Record excerpts
(* Let $\beta\in C^0[0,1]$ with $\bar\beta=\|\beta\|_\infty$, let $k=\mathcal{K}(\beta)$ be the exact backstepping kernel, and let $\hat k\in C^0[0,1]$ satisfy $|k(x)-\hat k(x)|<\epsilon$ for all $x\in[0,1]$. Then the kernel $\hat l$ of the inverse of the transformation $\hat w(x)=u(x)-\int_0^x\hat k(x-y)u(y)\,dy$, namely the function with $u(x)=\hat w(x)+\int_0^x\hat l(x-y)\hat w(y)\,dy$, satisfies for all $x\in[0,1]$ $$|\hat l(x)|\le\big(\bar\beta+(1+\bar\beta)\epsilon\big)e^{(1+\bar\beta)\epsilon x}.$$
   Context: The backstepping kernel operator $\mathcal{K}$ maps $\beta\in C^0[0,1]$ to the solution $k$ of $k(x)=-\beta(x)+\int_0^x\beta(x-y)k(y)\,dy$, $x\in[0,1]$. $\|\cdot\|_\infty$ is the supremum norm on $[0,1]$. *)

From Stdlib Require Import Reals.
From Coquelicot Require Import Coquelicot.
Open Scope R_scope.

Definition cont01 (f : R -> R) : Prop :=
  forall x, 0 <= x <= 1 ->
  forall eps, 0 < eps -> exists delta, 0 < delta /\
    forall y, 0 <= y <= 1 -> Rabs (y - x) < delta -> Rabs (f y - f x) < eps.

Definition is_supnorm01 (f : R -> R) (bb : R) : Prop :=
  (forall x, 0 <= x <= 1 -> Rabs (f x) <= bb) /\
  (forall M, (forall x, 0 <= x <= 1 -> Rabs (f x) <= M) -> bb <= M).

Definition conv (a b : R -> R) (x : R) : R :=
  RInt (fun y => a (x - y) * b y) 0 x.

(* k solves the backstepping kernel equation, i.e. k = K(beta):
   k(x) = -beta(x) + int_0^x beta(x-y) k(y) dy on [0,1]. *)
Definition is_kernel_of (beta k : R -> R) : Prop :=
  cont01 k /\ forall x, 0 <= x <= 1 -> k x = - beta x + conv beta k x.

Definition is_inverse_kernel (kh lh : R -> R) : Prop :=
  cont01 lh /\
  forall u : R -> R, cont01 u ->
    let w := fun x => u x - conv kh u x in
    forall x, 0 <= x <= 1 -> u x = w x + conv lh w x.

From Stdlib Require Import Reals Lra.
From Coquelicot Require Import Coquelicot.
Open Scope R_scope.

(* Convolution on [0, x] only sees values on [0, 1], so all kernels may be
   replaced by their continuous extensions to R (constant outside [0, 1]); for
   continuous functions convolution is bilinear, commutative and associative
   (Fubini on a triangle).  The inverse-kernel property for u = 1 gives, after
   one convolution with 1 is cancelled, the resolvent identity
   l = kh + l * kh.  With d = k - kh and g = d - beta * d, the kernel equation
   k = -beta + beta * k turns it into l = -beta - g - g * l, and |g| <= (1 + bb) eps
   since |d| < eps.  Gronwall's inequality for |l| then yields the bound. *)

Lemma continuity_pt_intro (f : R -> R) x :
  (forall eps, 0 < eps -> exists d, 0 < d /\
     forall y, Rabs (y - x) < d -> Rabs (f y - f x) < eps) ->
  continuity_pt f x.
Proof.
  intros H eps Heps. destruct (H eps Heps) as [d [Hd Hy]].
  exists d. split; [exact Hd|]. intros y [_ Hyx]. now apply Hy.
Qed.

Definition continuity_2d (g : R -> R -> R) : Prop :=
  forall x y, continuity_2d_pt g x y.

Lemma continuity_pt_comp_2d (g : R -> R -> R) (p q : R -> R) x :
  continuity_2d_pt g (p x) (q x) -> continuity_pt p x -> continuity_pt q x ->
  continuity_pt (fun t => g (p t) (q t)) x.
Proof.
  intros Hg Hp Hq. apply continuity_pt_filterlim.
  apply (continuous_comp_2 p q g); try now apply continuity_pt_filterlim.
  now apply continuity_2d_pt_filterlim.
Qed.

Lemma continuity_2d_pt_comp2 (g p q : R -> R -> R) x y :
  continuity_2d_pt g (p x y) (q x y) -> continuity_2d_pt p x y ->
  continuity_2d_pt q x y ->
  continuity_2d_pt (fun u v => g (p u v) (q u v)) x y.
Proof.
  rewrite !continuity_2d_pt_filterlim. intros Hg Hp Hq.
  exact (continuous_comp_2 (fun z => p (fst z) (snd z))
           (fun z => q (fst z) (snd z)) g (x, y) Hp Hq Hg).
Qed.

Ltac continuity_step :=
  match goal with
  | |- continuity _ => intros ?
  | |- continuity_2d _ => intros ? ?
  | H : continuity ?f |- continuity_pt ?f _ => apply H
  | H : continuity_2d ?g |- continuity_2d_pt ?g _ _ => apply H
  | |- continuity_pt (fun _ => _) _ =>
      apply continuity_pt_const; intros ? ?; reflexivity
  | |- continuity_pt (fun t => t) _ => apply continuity_pt_id
  | |- continuity_pt (fun t => @?f t + @?g t) _ => apply (continuity_pt_plus f g)
  | |- continuity_pt (fun t => @?f t - @?g t) _ => apply (continuity_pt_minus f g)
  | |- continuity_pt (fun t => @?f t * @?g t) _ => apply (continuity_pt_mult f g)
  | |- continuity_pt (fun t => Rabs (@?f t)) _ =>
      apply (continuity_pt_comp f Rabs); [|apply Rcontinuity_abs]
  | H : continuity ?F |- continuity_pt (fun t => ?F (@?p t)) _ =>
      apply (continuity_pt_comp p F); [|apply H]
  | H : continuity_2d ?G |- continuity_pt (?G ?a) _ =>
      apply (continuity_pt_comp_2d G (fun _ => a) (fun t => t)); [apply H| |]
  | H : continuity_2d ?G |- continuity_pt (fun t => ?G (@?p t) (@?q t)) _ =>
      apply (continuity_pt_comp_2d G p q); [apply H| |]
  | |- continuity_2d_pt (fun _ _ => _) _ _ => apply continuity_2d_pt_const
  | |- continuity_2d_pt (fun u _ => u) _ _ => apply continuity_2d_pt_id1
  | |- continuity_2d_pt (fun _ v => v) _ _ => apply continuity_2d_pt_id2
  | |- continuity_2d_pt (fun u v => @?f u v + @?g u v) _ _ =>
      apply (continuity_2d_pt_plus f g)
  | |- continuity_2d_pt (fun u v => @?f u v - @?g u v) _ _ =>
      apply (continuity_2d_pt_minus f g)
  | |- continuity_2d_pt (fun u v => @?f u v * @?g u v) _ _ =>
      apply (continuity_2d_pt_mult f g)
  | H : continuity ?F |- continuity_2d_pt (fun u v => ?F (@?p u v)) _ _ =>
      apply (continuity_1d_2d_pt_comp F p); [apply H|]
  | H : continuity_2d ?G |-
      continuity_2d_pt (fun u v => ?G (@?p u v) (@?q u v)) _ _ =>
      apply (continuity_2d_pt_comp2 G p q); [apply H| |]
  end.

Lemma continuity_const_fun (c : R) : continuity (fun _ => c).
Proof. intros x. repeat continuity_step. Qed.

Lemma ex_RInt_continuity (f : R -> R) a b : continuity f -> ex_RInt f a b.
Proof.
  intros Hf. apply (ex_RInt_continuous (V := R_CompleteNormedModule)).
  intros z _. apply continuity_pt_filterlim, Hf.
Qed.

Lemma is_derive_RInt_upper (f : R -> R) a x :
  continuity f -> is_derive (fun b => RInt f a b) x (f x).
Proof.
  intros Hf. apply (is_derive_RInt (V := R_NormedModule) f _ a).
  - apply filter_forall. intros b.
    apply (RInt_correct (V := R_CompleteNormedModule)), ex_RInt_continuity, Hf.
  - apply continuity_pt_filterlim, Hf.
Qed.

Lemma RInt_Rminus (f g : R -> R) a b : ex_RInt f a b -> ex_RInt g a b ->
  RInt (fun t => f t - g t) a b = RInt f a b - RInt g a b.
Proof. exact (RInt_minus f g a b). Qed.

Lemma RInt_Rmult_l (f : R -> R) c a b : ex_RInt f a b ->
  RInt (fun t => c * f t) a b = c * RInt f a b.
Proof. exact (RInt_scal f a b c). Qed.

Lemma RInt_comp_shift (f : R -> R) v a b : continuity f ->
  RInt (fun t => f (t + v)) a b = RInt f (a + v) (b + v).
Proof.
  intros Hf.
  assert (E := RInt_comp_lin f 1 v a b (ex_RInt_continuity f _ _ Hf)).
  rewrite !Rmult_1_l in E. rewrite <- E.
  apply RInt_ext. intros t _. unfold scal; simpl; unfold mult; simpl.
  now rewrite !Rmult_1_l.
Qed.

Lemma RInt_comp_reflect (f : R -> R) x : continuity f ->
  RInt (fun t => f (x - t)) 0 x = RInt f 0 x.
Proof.
  intros Hf.
  assert (E := RInt_comp_lin f (-1) x 0 x (ex_RInt_continuity f _ _ Hf)).
  replace (-1 * 0 + x) with x in E by ring.
  replace (-1 * x + x) with 0 in E by ring.
  rewrite <- (opp_RInt_swap f 0 x) in E by now apply ex_RInt_continuity.
  rewrite (RInt_ext _ (fun t => -1 * f (x - t))) in E.
  2: { intros t _. unfold scal; simpl; unfold mult; simpl.
       now replace (-1 * t + x) with (x - t) by ring. }
  rewrite RInt_Rmult_l in E by (apply ex_RInt_continuity; repeat continuity_step).
  unfold opp in E; simpl in E. lra.
Qed.

Lemma derive_zero_const (T : R -> R) a b :
  (forall x, is_derive T x 0) -> T b = T a.
Proof.
  intros HT. destruct (MVT_gen T a b (fun _ => 0)) as [c [_ Hc]].
  - intros x _. apply HT.
  - intros x _. apply continuity_pt_filterlim,
      (ex_derive_continuous (K := R_AbsRing) (V := R_NormedModule)).
    eexists. apply HT.
  - lra.
Qed.

Definition extend01 (f : R -> R) (t : R) : R := f (Rmax 0 (Rmin 1 t)).

Lemma extend01_id (f : R -> R) t : 0 <= t <= 1 -> extend01 f t = f t.
Proof. intros Ht. unfold extend01. f_equal. rewrite Rmin_right, Rmax_right; lra. Qed.

Lemma continuity_extend01 (f : R -> R) : cont01 f -> continuity (extend01 f).
Proof.
  intros Hf x. apply continuity_pt_intro. intros eps Heps.
  set (clamp := fun t => Rmax 0 (Rmin 1 t)).
  assert (Hin : forall t, 0 <= clamp t <= 1).
  { intros t. unfold clamp, Rmax, Rmin. repeat destruct Rle_dec; lra. }
  assert (Hlip : forall t, Rabs (clamp t - clamp x) <= Rabs (t - x)).
  { intros t. unfold clamp, Rmax, Rmin.
    repeat destruct Rle_dec; unfold Rabs; repeat destruct Rcase_abs; lra. }
  destruct (Hf (clamp x) (Hin x) eps Heps) as [d [Hd Hy]].
  exists d. split; [exact Hd|]. intros y Hyx.
  apply Hy; [apply Hin | eapply Rle_lt_trans; [apply Hlip | exact Hyx]].
Qed.

Lemma continuity_RInt_param (g : R -> R -> R) a b : a <= b -> continuity_2d g ->
  continuity (fun x => RInt (g x) a b).
Proof.
  intros Hab Hg x0. apply continuity_pt_intro. intros eps Heps.
  set (eta := eps / (b - a + 1)).
  assert (Heta : 0 < eta) by (apply Rdiv_lt_0_compat; lra).
  destruct (uniform_continuity_2d g (x0 - 1) (x0 + 1) a b
              (fun x y _ _ => Hg x y) (mkposreal eta Heta)) as [d Hd].
  exists (Rmin d 1). split; [apply Rmin_pos; [apply cond_pos | lra]|].
  intros y Hy.
  assert (Hyd : Rabs (y - x0) < d) by (eapply Rlt_le_trans; [exact Hy | apply Rmin_l]).
  assert (Hy1 : Rabs (y - x0) < 1) by (eapply Rlt_le_trans; [exact Hy | apply Rmin_r]).
  apply Rabs_lt_between' in Hy1.
  rewrite <- RInt_Rminus by (apply ex_RInt_continuity; repeat continuity_step).
  apply Rle_lt_trans with ((b - a) * eta).
  - apply abs_RInt_le_const; [exact Hab | apply ex_RInt_continuity; repeat continuity_step |].
    intros t Ht. left. apply Hd; try lra.
    rewrite Rminus_eq_0, Rabs_R0. apply cond_pos.
  - replace ((b - a) * eta) with (eps - eta) by (unfold eta; field; lra). lra.
Qed.

Lemma continuity_RInt_param_bounds (g : R -> R -> R) (alpha beta : R -> R) :
  continuity_2d g -> continuity alpha -> continuity beta ->
  continuity (fun x => RInt (g x) (alpha x) (beta x)).
Proof.
  intros Hg Ha Hb.
  (* substitute t = alpha x + (beta x - alpha x) s to fix the bounds *)
  set (h := fun x s =>
         (beta x - alpha x) * g x ((beta x - alpha x) * s + alpha x)).
  assert (E : forall x, RInt (h x) 0 1 = RInt (g x) (alpha x) (beta x)).
  { intros x.
    assert (Hgx : continuity (g x)) by repeat continuity_step.
    assert (E := RInt_comp_lin (g x) (beta x - alpha x) (alpha x) 0 1
                   (ex_RInt_continuity _ _ _ Hgx)).
    rewrite Rmult_0_r, Rplus_0_l, Rmult_1_r in E.
    replace (beta x - alpha x + alpha x) with (beta x) in E by ring.
    exact E. }
  intros x. apply (continuity_pt_ext (fun x => RInt (h x) 0 1)); [exact E|].
  apply continuity_RInt_param; [lra|]. unfold h. repeat continuity_step.
Qed.

Lemma continuity_conv (a b : R -> R) :
  continuity a -> continuity b -> continuity (conv a b).
Proof.
  intros Ha Hb.
  apply (continuity_RInt_param_bounds (fun x y => a (x - y) * b y)
           (fun _ => 0) (fun x => x)); repeat continuity_step.
Qed.

Ltac solve_continuity :=
  repeat match goal with
  | |- continuity (conv _ _) => apply continuity_conv
  | |- continuity_pt (conv _ _) _ => apply continuity_conv
  | |- continuity_pt (fun t => conv _ _ t) _ => apply continuity_conv
  | |- _ => continuity_step
  end.

Lemma conv_ext (a a' b b' : R -> R) x : 0 <= x ->
  (forall t, 0 <= t <= x -> a t = a' t) -> (forall t, 0 <= t <= x -> b t = b' t) ->
  conv a b x = conv a' b' x.
Proof.
  intros Hx Ha Hb. unfold conv. apply RInt_ext.
  rewrite Rmin_left, Rmax_right by lra. intros y Hy.
  rewrite Ha, Hb by lra. reflexivity.
Qed.

Lemma conv_extend01 (a b : R -> R) x : 0 <= x <= 1 ->
  conv (extend01 a) (extend01 b) x = conv a b x.
Proof. intros Hx. apply conv_ext; intros; try apply extend01_id; lra. Qed.

Lemma conv_minus_l (a b c : R -> R) x :
  continuity a -> continuity b -> continuity c ->
  conv (fun t => a t - b t) c x = conv a c x - conv b c x.
Proof.
  intros Ha Hb Hc. unfold conv.
  rewrite <- RInt_Rminus by (apply ex_RInt_continuity; solve_continuity).
  apply RInt_ext. intros t _. simpl. ring.
Qed.

Lemma conv_minus_r (a b c : R -> R) x :
  continuity a -> continuity b -> continuity c ->
  conv c (fun t => a t - b t) x = conv c a x - conv c b x.
Proof.
  intros Ha Hb Hc. unfold conv.
  rewrite <- RInt_Rminus by (apply ex_RInt_continuity; solve_continuity).
  apply RInt_ext. intros t _. simpl. ring.
Qed.

Lemma conv_comm (a b : R -> R) x : continuity a -> continuity b ->
  conv a b x = conv b a x.
Proof.
  intros Ha Hb. unfold conv.
  rewrite <- (RInt_comp_reflect (fun y => b (x - y) * a y)) by solve_continuity.
  apply RInt_ext. intros y _. simpl. replace (x - (x - y)) with y by ring. ring.
Qed.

Exercise prompt
Please reproduce the lines from the line with "continuity ?F |- continuity_2d_pt" to the line with "Proof. exact (RInt_scal f a b c). Qed.", both ends included, exactly as they appear above.

Exercise solution
  | H : continuity ?F |- continuity_2d_pt (fun u v => ?F (@?p u v)) _ _ =>
      apply (continuity_1d_2d_pt_comp F p); [apply H|]
  | H : continuity_2d ?G |-
      continuity_2d_pt (fun u v => ?G (@?p u v) (@?q u v)) _ _ =>
      apply (continuity_2d_pt_comp2 G p q); [apply H| |]
  end.

Lemma continuity_const_fun (c : R) : continuity (fun _ => c).
Proof. intros x. repeat continuity_step. Qed.

Lemma ex_RInt_continuity (f : R -> R) a b : continuity f -> ex_RInt f a b.
Proof.
  intros Hf. apply (ex_RInt_continuous (V := R_CompleteNormedModule)).
  intros z _. apply continuity_pt_filterlim, Hf.
Qed.

Lemma is_derive_RInt_upper (f : R -> R) a x :
  continuity f -> is_derive (fun b => RInt f a b) x (f x).
Proof.
  intros Hf. apply (is_derive_RInt (V := R_NormedModule) f _ a).
  - apply filter_forall. intros b.
    apply (RInt_correct (V := R_CompleteNormedModule)), ex_RInt_continuity, Hf.
  - apply continuity_pt_filterlim, Hf.
Qed.

Lemma RInt_Rminus (f g : R -> R) a b : ex_RInt f a b -> ex_RInt g a b ->
  RInt (fun t => f t - g t) a b = RInt f a b - RInt g a b.
Proof. exact (RInt_minus f g a b). Qed.

Lemma RInt_Rmult_l (f : R -> R) c a b : ex_RInt f a b ->
  RInt (fun t => c * f t) a b = c * RInt f a b.
Proof. exact (RInt_scal f a b c). Qed.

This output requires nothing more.